Stored data entries:
Lemma odds_cocycle_apart S T V : homog E D S -> homog E D T -> homog E D V ->
  apart E S T -> apart E T V -> apart E S V -> odds p S T = odds p S V * odds p V T.
Proof.
move=> [_ SD _] [_ TD _] [V0 VD _] ST TV SV.
have TS := apart_sym E_sym ST; have VT := apart_sym E_sym TV.
have VS := apart_sym E_sym SV.
apply: (odds_cocycle Hsc (U := S :|: T :|: V)) => //.
- by rewrite -setUA subsetUl.
- by apply/subsetP => y; rewrite !inE => ->; rewrite orbT.
- by rewrite subsetUr.
- by apply: (@ratios_unaffected_apart _ _ V).
- apply: (@ratios_unaffected_apart _ _ T) => //.
  by apply/subsetP => y; rewrite !inE; do !case: (_ \in _).
- apply: (@ratios_unaffected_apart _ _ S) => //.
  by apply/subsetP => y; rewrite !inE; do !case: (_ \in _).
Qed.

Lemma exists_represents a b c : a \in D -> b \in D -> c \in D ->
  ~~ E a b -> ~~ E b c -> ~~ E a c -> exists w, represents E D (odds p) w.
Proof.
move=> Da Db Dc nEab nEbc nEac; exists (luce_weight E (odds p) a b).
apply: luce_represents Dc nEab nEbc nEac _ _ _ _ => //.
- exact: odds_ge0.
- exact: odds_set0.
- by move=> S T [S0 _ _] [T0 _ _] _; apply: odds_inv.
- exact: odds_cocycle_apart.
Qed.

Lemma partition_classes : partition P D.
Proof. by apply: equivalence_partitionP => x y z _ _ _; apply: E_equivalence. Qed.

Lemma class_subset C : C \in P -> C \subset D.
Proof.
by move=> CP; rewrite -(cover_partition partition_classes) bigcup_sup.
Qed.

Lemma mem_class C y z : C \in P -> y \in C -> (z \in C) = E y z.
Proof.
move=> CP yC; rewrite (mem_equivalence_class _ E_equivalence CP yC).
by apply: andb_idl; apply: D_closed; apply: (subsetP (class_subset CP)).
Qed.

Lemma odds_setI_classes A C M : C \in P -> M \in P ->
  odds p (A :&: C) (A :&: M) = pmass p (A :&: C) A / pmass p (A :&: M) A.
Proof.
move=> CP MP; apply: odds_restrict => //; first by rewrite subUset !subsetIl.
have ACD C' : C' \in P -> A :&: C' \subset D.
  by move=> C'P; rewrite subIset // (class_subset C'P) orbT.
apply: E_unaffected; first by rewrite subUset !ACD.
move=> s x sW; rewrite !inE => /andP[xW xA]; apply: contra xW => Esx.
by rewrite xA; case/setUP: sW => /setIP[_ sC]; rewrite (mem_class _ _ sC) ?Esx ?orbT.
Qed.

Lemma homog_setI_class A C : C \in P -> A :&: C != set0 -> homog E D (A :&: C).
Proof.
move=> CP AC0; split=> //; first by rewrite subIset // (class_subset CP) orbT.
by move=> s t /setIP[_ sC] /setIP[_ tC]; rewrite -(mem_class _ CP sC).
Qed.

Lemma apart_setI_classes A C M : C \in P -> M \in P -> C != M ->
  apart E (A :&: C) (A :&: M).
Proof.
move=> CP MP CM s t /setIP[_ sC] /setIP[_ tM]; rewrite -(mem_class _ CP sC).
have [_ tiP _] := and3P partition_classes.
by apply: contra CM => tC; rewrite -(def_pblock tiP CP tC) (def_pblock tiP MP tM).
Qed.

Lemma represents_setI_class w A C M : represents E D (odds p) w ->
  C \in P -> M \in P -> A :&: M != set0 ->
  w (A :&: C) = w (A :&: M) / pmass p (A :&: M) A * pmass p (A :&: C) A.
Proof.
move=> [w0 _ wpos wodds] CP MP AM0.
have mAM : pmass p (A :&: M) A != 0 by rewrite gt_eqF // pmass_gt0 // subsetIl.
have [-> | AC0] := eqVneq (A :&: C) set0; first by rewrite w0 pmass_set0 mulr0.
have [-> | CM] := eqVneq C M; first by rewrite divfK.
have := wodds _ _ (homog_setI_class CP AC0) (homog_setI_class MP AM0).
rewrite odds_setI_classes // => /(_ (apart_setI_classes CP MP CM)) e.
have wM0 : w (A :&: M) != 0 by rewrite gt_eqF // wpos //; apply: homog_setI_class.
by rewrite -[LHS](divfK wM0) -e mulrAC [RHS]mulrAC [_ * w _]mulrC.
Qed.

Lemma represents_share w A x :
  represents E D (odds p) w -> A != set0 -> x \in A -> x \in D ->
  w (A :&: pblock P x) / \sum_(C in P) w (A :&: C) =
    pmass p (A :&: pblock P x) A / pmass p D A.
Proof.
move=> wP A0 xA xD; set M := pblock P x.
have cover_P := cover_partition partition_classes.
have MP : M \in P by apply: pblock_mem; rewrite cover_P.
have AM0 : A :&: M != set0 by apply/set0Pn; exists x; rewrite inE xA mem_pblock cover_P.
have wM : 0 < w (A :&: M) by case: wP => _ _ wpos _; apply/wpos/homog_setI_class.
have mM : 0 < pmass p (A :&: M) A by rewrite pmass_gt0 // subsetIl.
rewrite (eq_bigr _ (fun C CP => represents_setI_class wP CP MP AM0)) -mulr_sumr.
under eq_bigr => C _ do rewrite pmass_setIl //.
rewrite (@pmass_partition _ _ p _ _ A partition_classes).
rewrite -{1}[w (A :&: M)](divfK (lt0r_neq0 mM)).
by rewrite -mulf_div divff ?mul1r // mulf_neq0 ?invr_eq0 ?gt_eqF.
Qed.

End Nesting.

(* Pastes block-wise weights into the single weight [v] of the nested formula. *)
Definition glue (R : nmodType) (X : finType) (P : {set {set X}})
  (vB : {set X} -> {set X} -> R) (S : {set X}) :=
  if [pick z in S] is Some z then vB (pblock P z) S else 0.

Lemma glue_set0 (R : nmodType) (X : finType) P (vB : {set X} -> {set X} -> R) :
  glue P vB set0 = 0.
Proof. by rewrite /glue; case: pickP => // z; rewrite inE. Qed.

Lemma glue_sub (R : nmodType) (X : finType) P (vB : {set X} -> {set X} -> R) (N S : {set X}) :
  trivIset P -> N \in P -> S \subset N -> S != set0 -> glue P vB S = vB N S.
Proof.
move=> tiP NP SN /set0Pn[y yS]; rewrite /glue.
case: pickP => [z zS | /(_ y)]; last by rewrite yS.
by rewrite (def_pblock tiP NP (subsetP SN _ zS)).
Qed.

Section NestedRepresentation.
Variables (R : realType) (X : finType) (p : X -> {set X} -> R).
Hypotheses (Hsc : stochastic_choice p) (HG : GISA p) (HC : CRS p).
Implicit Types A B C M N S T W : {set X}.

Definition simr : rel X := fun x y => `[< rsim p x y >].
Definition simeqr : rel X := fun x y => `[< rsimeq p x y >].

Lemma simrP x y : reflect (rsim p x y) (simr x y).
Proof. exact: asboolP. Qed.

Lemma simeqrP x y : reflect (rsimeq p x y) (simeqr x y).
Proof. exact: asboolP. Qed.

Lemma simr_refl : reflexive simr.
Proof. by move=> x; apply/simrP/rsim_refl. Qed.

Lemma simr_sym : symmetric simr.
Proof. by move=> x y; apply/simrP/simrP => /rsim_sym. Qed.

Lemma simr_trans : transitive simr.
Proof. by move=> y x z /simrP xy /simrP yz; apply/simrP/(rsim_trans Hsc HG xy yz). Qed.

Lemma simeqr_refl : reflexive simeqr.
Proof. by move=> x; apply/simeqrP; left; apply: rsim_refl. Qed.

Lemma simeqr_sym : symmetric simeqr.
Proof. by move=> x y; apply/simeqrP/simeqrP => /rsimeq_sym. Qed.

Lemma simeqr_trans : transitive simeqr.
Proof.
by move=> y x z /simeqrP xy /simeqrP yz; apply/simeqrP/(rsimeq_trans Hsc HG HC xy yz).
Qed.

Lemma simr_simeqr x y : simr x y -> simeqr x y.
Proof. by move/simrP => xy; apply/simeqrP; left. Qed.

Definition blocks := equivalence_partition simeqr [set: X].
Definition cells N := equivalence_partition simr N.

Instructions to follow:
Lines that hold the word "symmetric" are the ones to copy from the entries above.

Answer space:
Lemma simr_sym : symmetric simr.
Lemma simeqr_sym : symmetric simeqr.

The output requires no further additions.